I have huge data in hadoop archive .har format. Since, har doesn't include any compression, I am trying to further gzip it in and store in HDFS. The only thing I can get to work without error is :

harFile.coalesce(1, "true")
.saveAsTextFile("hdfs://namenode/archive/GzipOutput", classOf[org.apache.hadoop.io.compress.GzipCodec])
//`coalesce` because Gzip isn't splittable.

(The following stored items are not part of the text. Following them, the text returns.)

(* Let $\mathcal{W}\subseteq\{x\in\mathbb{R}^d:\|x\|_2\le1\}$ be closed convex with $0\in\mathcal{W}$, let $f_t(x)=\langle \mathbf f_t,x\rangle$ for vectors $\mathbf f_1,\dots,\mathbf f_T\in\mathbb{R}^d$, set $\mathbf f_0=0$ and $\mathrm{EGV}^f_{T,2}=\sum_{t=0}^{T-1}\|\mathbf f_{t+1}-\mathbf f_t\|_2^2>0$. Run the online mirror prox updates with $L=1$ and $\eta=\sqrt{1/(2\mathrm{EGV}^f_{T,2})}$, i.e. $x_0=z_0=0$ and $$x_t=\arg\min_{x\in\mathcal{W}}\{\langle x,\mathbf f_{t-1}\rangle+\tfrac1{2\eta}\|x-z_{t-1}\|_2^2\},\quad z_t=\arg\min_{x\in\mathcal{W}}\{\langle x,\mathbf f_t\rangle+\tfrac1{2\eta}\|x-z_{t-1}\|_2^2\}.$$ Then $\sum_{t=1}^T\langle\mathbf f_t,x_t\rangle-\min_{x\in\mathcal{W}}\sum_{t=1}^T\langle\mathbf f_t,x\rangle\le\sqrt{2\,\mathrm{EGV}^f_{T,2}}$.
   Context: $x_t$ is the decision played at round $t$, before $\mathbf f_t$ is revealed. *)

(* classical reals. Vectors of R^d are represented as
   functions nat -> R, with only coordinates 0..d-1 being meaningful;
   points of the decision set are required to vanish at coordinates >= d. *)
From Stdlib Require Import Reals Lra Lia.
Open Scope R_scope.

Definition vec := nat -> R.

Fixpoint sumR (n : nat) (g : nat -> R) : R :=
  match n with
  | O => 0
  | S m => sumR m g + g m
  end.

Definition dot (d : nat) (x y : vec) : R := sumR d (fun i => x i * y i).
Definition sqnorm (d : nat) (x : vec) : R := dot d x x.
Definition vsub (x y : vec) : vec := fun i => x i - y i.
Definition vzero : vec := fun _ => 0.

Definition in_Rd (d : nat) (W : vec -> Prop) : Prop :=
  forall w, W w -> forall i, (d <= i)%nat -> w i = 0.

Definition convex_W (W : vec -> Prop) : Prop :=
  forall x y (l : R), W x -> W y -> 0 <= l <= 1 ->
    W (fun i => l * x i + (1 - l) * y i).

(* closed in R^d: limits (coordinatewise = in norm, finite dimension)
   of sequences in W belong to W *)
Definition closed_in_Rd (d : nat) (W : vec -> Prop) : Prop :=
  forall (s : nat -> vec) (x : vec),
    (forall n, W (s n)) ->
    (forall i, (i < d)%nat -> Un_cv (fun n => s n i) (x i)) ->
    (forall i, (d <= i)%nat -> x i = 0) ->
    W x.

Definition is_argmin (W : vec -> Prop) (g : vec -> R) (x : vec) : Prop :=
  W x /\ forall y, W y -> g x <= g y.

Definition EGV (d T : nat) (f : nat -> vec) : R :=
  sumR T (fun t => sqnorm d (vsub (f (S t)) (f t))).

Definition prox_obj (d : nat) (eta : R) (g z : vec) (x : vec) : R :=
  dot d x g + / (2 * eta) * sqnorm d (vsub x z).

(* Each round's regret splits as
     <f_t, x_t - u> = <f_t, z_t - u> + <f_{t-1}, x_t - z_t> + <f_t - f_{t-1}, x_t - z_t>.
   The three-point inequality of the two proximal steps bounds the first two
   terms by (||u - z_{t-1}||^2 - ||u - z_t||^2 - ||x_t - z_t||^2) / (2 eta), and
   Young's inequality bounds the last by ||x_t - z_t||^2 / (2 eta)
   + eta/2 ||f_t - f_{t-1}||^2.  Summing telescopes to
   ||u||^2 / (2 eta) + eta/2 EGV, and the choice of eta balances the two terms. *)
From Stdlib Require Import Reals Lra Lia.
Open Scope R_scope.

Lemma sumR_scal (n : nat) (c : R) (g : nat -> R) :
  sumR n (fun i => c * g i) = c * sumR n g.
Proof. induction n as [|n IH]; simpl; [ring | rewrite IH; ring]. Qed.

Lemma sumR_le_telescoping (n : nat) (a b D e : nat -> R) :
  (forall t, (t < n)%nat -> a t - b t <= D t - D (S t) + e t) ->
  sumR n a - sumR n b <= D O - D n + sumR n e.
Proof.
  induction n as [|n IH]; intros Hstep; simpl; [lra |].
  specialize (IH (fun t Ht => Hstep t ltac:(lia))).
  specialize (Hstep n ltac:(lia)).
  lra.
Qed.

Ltac coordinatewise d :=
  unfold sqnorm, dot, vsub, vzero; induction d as [|n IH]; simpl;
  [ring | rewrite IH; ring].

Section Euclidean.

Variable d : nat.

Lemma sqnorm_ge0 (a : vec) : 0 <= sqnorm d a.
Proof. unfold sqnorm, dot; induction d as [|n IH]; simpl; nra. Qed.

Lemma dot_comm (a b : vec) : dot d a b = dot d b a.
Proof. coordinatewise d. Qed.

Lemma dot_vsub_l (a b c : vec) : dot d (vsub a b) c = dot d a c - dot d b c.
Proof. coordinatewise d. Qed.

Lemma dot_vsub_r (a b c : vec) : dot d a (vsub b c) = dot d a b - dot d a c.
Proof. coordinatewise d. Qed.

Lemma sqnorm_vsubC (a b : vec) : sqnorm d (vsub a b) = sqnorm d (vsub b a).
Proof. coordinatewise d. Qed.

Lemma sqnorm_vsub0 (a : vec) : sqnorm d (vsub a vzero) = sqnorm d a.
Proof. coordinatewise d. Qed.

Lemma sqnorm_vsub_split (u w z : vec) :
  sqnorm d (vsub u z)
  = sqnorm d (vsub u w) + 2 * dot d (vsub u w) (vsub w z) + sqnorm d (vsub w z).
Proof. coordinatewise d. Qed.

Lemma dot_convex_comb (l : R) (u w g : vec) :
  dot d (fun i => l * u i + (1 - l) * w i) g = dot d w g + l * dot d (vsub u w) g.
Proof. coordinatewise d. Qed.

Lemma sqnorm_convex_comb (l : R) (u w z : vec) :
  sqnorm d (vsub (fun i => l * u i + (1 - l) * w i) z)
  = sqnorm d (vsub w z) + 2 * l * dot d (vsub u w) (vsub w z)
    + l * l * sqnorm d (vsub u w).
Proof. coordinatewise d. Qed.

Lemma dot_le_young (eta : R) (a b : vec) :
  0 < eta -> dot d a b <= / (2 * eta) * sqnorm d a + eta / 2 * sqnorm d b.
Proof.
  intros Heta; unfold sqnorm, dot; induction d as [|n IH]; simpl; [lra |].
  assert (Hsq : / (2 * eta) * (a n * a n) + eta / 2 * (b n * b n) - a n * b n
                = / (2 * eta) * ((a n - eta * b n) * (a n - eta * b n)))
    by (field; lra).
  assert (0 <= / (2 * eta) * ((a n - eta * b n) * (a n - eta * b n))).
  { apply Rmult_le_pos; [left; apply Rinv_0_lt_compat; lra | apply Rle_0_sqr]. }
  lra.
Qed.

End Euclidean.

Lemma ge0_of_small_steps (A B : R) :
  0 <= B -> (forall l, 0 < l <= 1 -> 0 <= l * A + l * l * B) -> 0 <= A.
Proof.
  intros HB Hsmall.
  destruct (Rle_lt_dec 0 A) as [| HA]; [assumption |].
  (* The step l solves l * (B + 1 - A) = - A, which makes l * A + l^2 * B = l * (A - 1). *)
  set (l := - A / (B + 1 - A)).
  assert (Hl : l * (B + 1 - A) = - A) by (unfold l; field; lra).
  assert (Hl0 : 0 < l) by (unfold l; apply Rdiv_lt_0_compat; lra).
  assert (Hl1 : l <= 1) by nra.
  specialize (Hsmall l (conj Hl0 Hl1)).
  nra.
Qed.

Section ProxStep.

Variables (d : nat) (W : vec -> Prop) (eta : R) (g z w : vec).
Hypotheses (Heta : 0 < eta) (HW : convex_W W)
  (Hw : is_argmin W (prox_obj d eta g z) w).

Lemma prox_argmin_first_order (u : vec) :
  W u -> 0 <= dot d (vsub u w) g + / eta * dot d (vsub u w) (vsub w z).
Proof.
  intros Hu; destruct Hw as [Hww Hmin].
  assert (Hc : 0 < / (2 * eta)) by (apply Rinv_0_lt_compat; lra).
  replace (/ eta) with (2 * / (2 * eta)) by (field; lra).
  apply (ge0_of_small_steps _ (/ (2 * eta) * sqnorm d (vsub u w))).
  - apply Rmult_le_pos; [lra | apply sqnorm_ge0].
  - intros l Hl.
    specialize (Hmin _ (HW u w l Hu Hww ltac:(lra))).
    unfold prox_obj in Hmin.
    rewrite dot_convex_comb, sqnorm_convex_comb in Hmin.
    nra.
Qed.

Lemma prox_argmin_three_point (u : vec) :
  W u ->
  dot d (vsub w u) g
  <= / (2 * eta) * (sqnorm d (vsub u z) - sqnorm d (vsub u w) - sqnorm d (vsub w z)).
Proof.
  intros Hu.
  pose proof (prox_argmin_first_order u Hu) as Hfo.
  rewrite (sqnorm_vsub_split d u w z), (dot_vsub_l d w u g).
  rewrite (dot_vsub_l d u w g) in Hfo.
  replace (/ eta) with (2 * / (2 * eta)) in Hfo by (field; lra).
  lra.
Qed.

End ProxStep.

Section MirrorProx.

Variables (d T : nat) (W : vec -> Prop) (f x z : nat -> vec) (eta : R).
Hypotheses (Heta : 0 < eta) (HW : convex_W W).
Hypothesis Hsteps : forall t, (t < T)%nat ->
  is_argmin W (prox_obj d eta (f t) (z t)) (x (S t)) /\
  is_argmin W (prox_obj d eta (f (S t)) (z t)) (z (S t)).

Lemma mirror_prox_round_regret (u : vec) (t : nat) :
  W u -> (t < T)%nat ->
  dot d (f (S t)) (x (S t)) - dot d (f (S t)) u
  <= / (2 * eta) * sqnorm d (vsub u (z t)) - / (2 * eta) * sqnorm d (vsub u (z (S t)))
     + eta / 2 * sqnorm d (vsub (f (S t)) (f t)).
Proof.
  intros Hu Ht; destruct (Hsteps t Ht) as [Hx Hz].
  pose proof (prox_argmin_three_point d W eta _ _ _ Heta HW Hz u Hu) as Hz_u.
  pose proof (prox_argmin_three_point d W eta _ _ _ Heta HW Hx (z (S t)) (proj1 Hz))
    as Hx_z.
  pose proof (dot_le_young d eta (vsub (x (S t)) (z (S t))) (vsub (f (S t)) (f t)) Heta)
    as Hyoung.
  assert (0 <= / (2 * eta) * sqnorm d (vsub (x (S t)) (z t))).
  { apply Rmult_le_pos; [left; apply Rinv_0_lt_compat; lra | apply sqnorm_ge0]. }
  assert (Hsplit : dot d (f (S t)) (x (S t)) - dot d (f (S t)) u
    = dot d (vsub (z (S t)) u) (f (S t)) + dot d (vsub (x (S t)) (z (S t))) (f t)
      + dot d (vsub (x (S t)) (z (S t))) (vsub (f (S t)) (f t))).
  { rewrite dot_vsub_r, !dot_vsub_l, (dot_comm d (f (S t)) (x (S t))),
      (dot_comm d (f (S t)) u); ring. }
  rewrite (sqnorm_vsubC d (z (S t)) (x (S t))) in Hx_z.
  lra.
Qed.

Lemma mirror_prox_regret (u : vec) :
  W u ->
  sumR T (fun t => dot d (f (S t)) (x (S t))) - sumR T (fun t => dot d (f (S t)) u)
  <= / (2 * eta) * sqnorm d (vsub u (z O)) + eta / 2 * EGV d T f.
Proof.
  intros Hu.
  eapply Rle_trans.
  - apply (sumR_le_telescoping T _ _ (fun t => / (2 * eta) * sqnorm d (vsub u (z t)))
             (fun t => eta / 2 * sqnorm d (vsub (f (S t)) (f t)))).
    intros t Ht; pose proof (mirror_prox_round_regret u t Hu Ht); lra.
  - rewrite sumR_scal.
    assert (0 <= / (2 * eta) * sqnorm d (vsub u (z T))).
    { apply Rmult_le_pos; [left; apply Rinv_0_lt_compat; lra | apply sqnorm_ge0]. }
    unfold EGV; lra.
Qed.

End MirrorProx.

Lemma tuned_step_size_bound (E : R) :
  0 < E ->
  / (2 * sqrt (1 / (2 * E))) + sqrt (1 / (2 * E)) / 2 * E <= sqrt (2 * E).
Proof.
  intros HE.
  set (s := sqrt (2 * E)).
  assert (Hs : 0 < s) by (apply sqrt_lt_R0; lra).
  assert (Hss : s * s = 2 * E) by (apply sqrt_sqrt; lra).
  replace (sqrt (1 / (2 * E))) with (/ s)
    by (unfold s; rewrite <- sqrt_inv; f_equal; field; lra).
  (* The left-hand side equals s / 2 + s / 4. *)
  replace E with (s * s / 2) by lra.
  apply (Rmult_le_reg_r 4); [lra |].
  field_simplify; lra.
Qed.

Theorem mainTheorem5 (d T : nat) (W : vec -> Prop) (f : nat -> vec)
  (x z : nat -> vec) :
  in_Rd d W ->
  (forall w, W w -> sqnorm d w <= 1) ->
  closed_in_Rd d W ->
  convex_W W ->
  W vzero ->
  (forall i, f O i = 0) ->
  0 < EGV d T f ->
  x O = vzero -> z O = vzero ->
  (forall t, (1 <= t <= T)%nat ->
     is_argmin W (prox_obj d (sqrt (1 / (2 * EGV d T f))) (f (t - 1)%nat) (z (t - 1)%nat)) (x t) /\
     is_argmin W (prox_obj d (sqrt (1 / (2 * EGV d T f))) (f t) (z (t - 1)%nat)) (z t)) ->
  forall u, W u ->
    sumR T (fun t => dot d (f (S t)) (x (S t))) - sumR T (fun t => dot d (f (S t)) u)
      <= sqrt (2 * EGV d T f).
Proof.
  (* Closedness, 0 \in W and the values of f_0, x_0 only serve to make the
     iterates well defined; the argmin hypotheses already provide them. *)
  intros _ Hball _ HW _ _ HE _ Hz0 Hsteps u Hu.
  set (eta := sqrt (1 / (2 * EGV d T f))) in *.
  assert (Heta : 0 < eta).
  { apply sqrt_lt_R0, Rdiv_lt_0_compat; lra. }
  assert (Hsteps' : forall t, (t < T)%nat ->
    is_argmin W (prox_obj d eta (f t) (z t)) (x (S t)) /\
    is_argmin W (prox_obj d eta (f (S t)) (z t)) (z (S t))).
  { intros t Ht; pose proof (Hsteps (S t) ltac:(lia)) as Hstep.
    replace (S t - 1)%nat with t in Hstep by lia; exact Hstep. }
  eapply Rle_trans; [exact (mirror_prox_regret d T W f x z eta Heta HW Hsteps' u Hu) |].
  rewrite Hz0, sqnorm_vsub0.
  eapply Rle_trans; [| apply (tuned_step_size_bound _ HE)].
  assert (/ (2 * eta) * sqnorm d u <= / (2 * eta)).
  { pose proof (Hball u Hu).
    assert (0 < / (2 * eta)) by (apply Rinv_0_lt_compat; lra).
    nra. }
  fold eta; lra.
Qed.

But, this doesn't give me the correct results. A Gzipped file is generated but with invalid output ( a single line saying the rdd type etc.)

Any help will be appreciated. I am also open to any other approaches.

Thanks.


回答1:


A Java code snippet to create a compressed version of an existing HDFS file.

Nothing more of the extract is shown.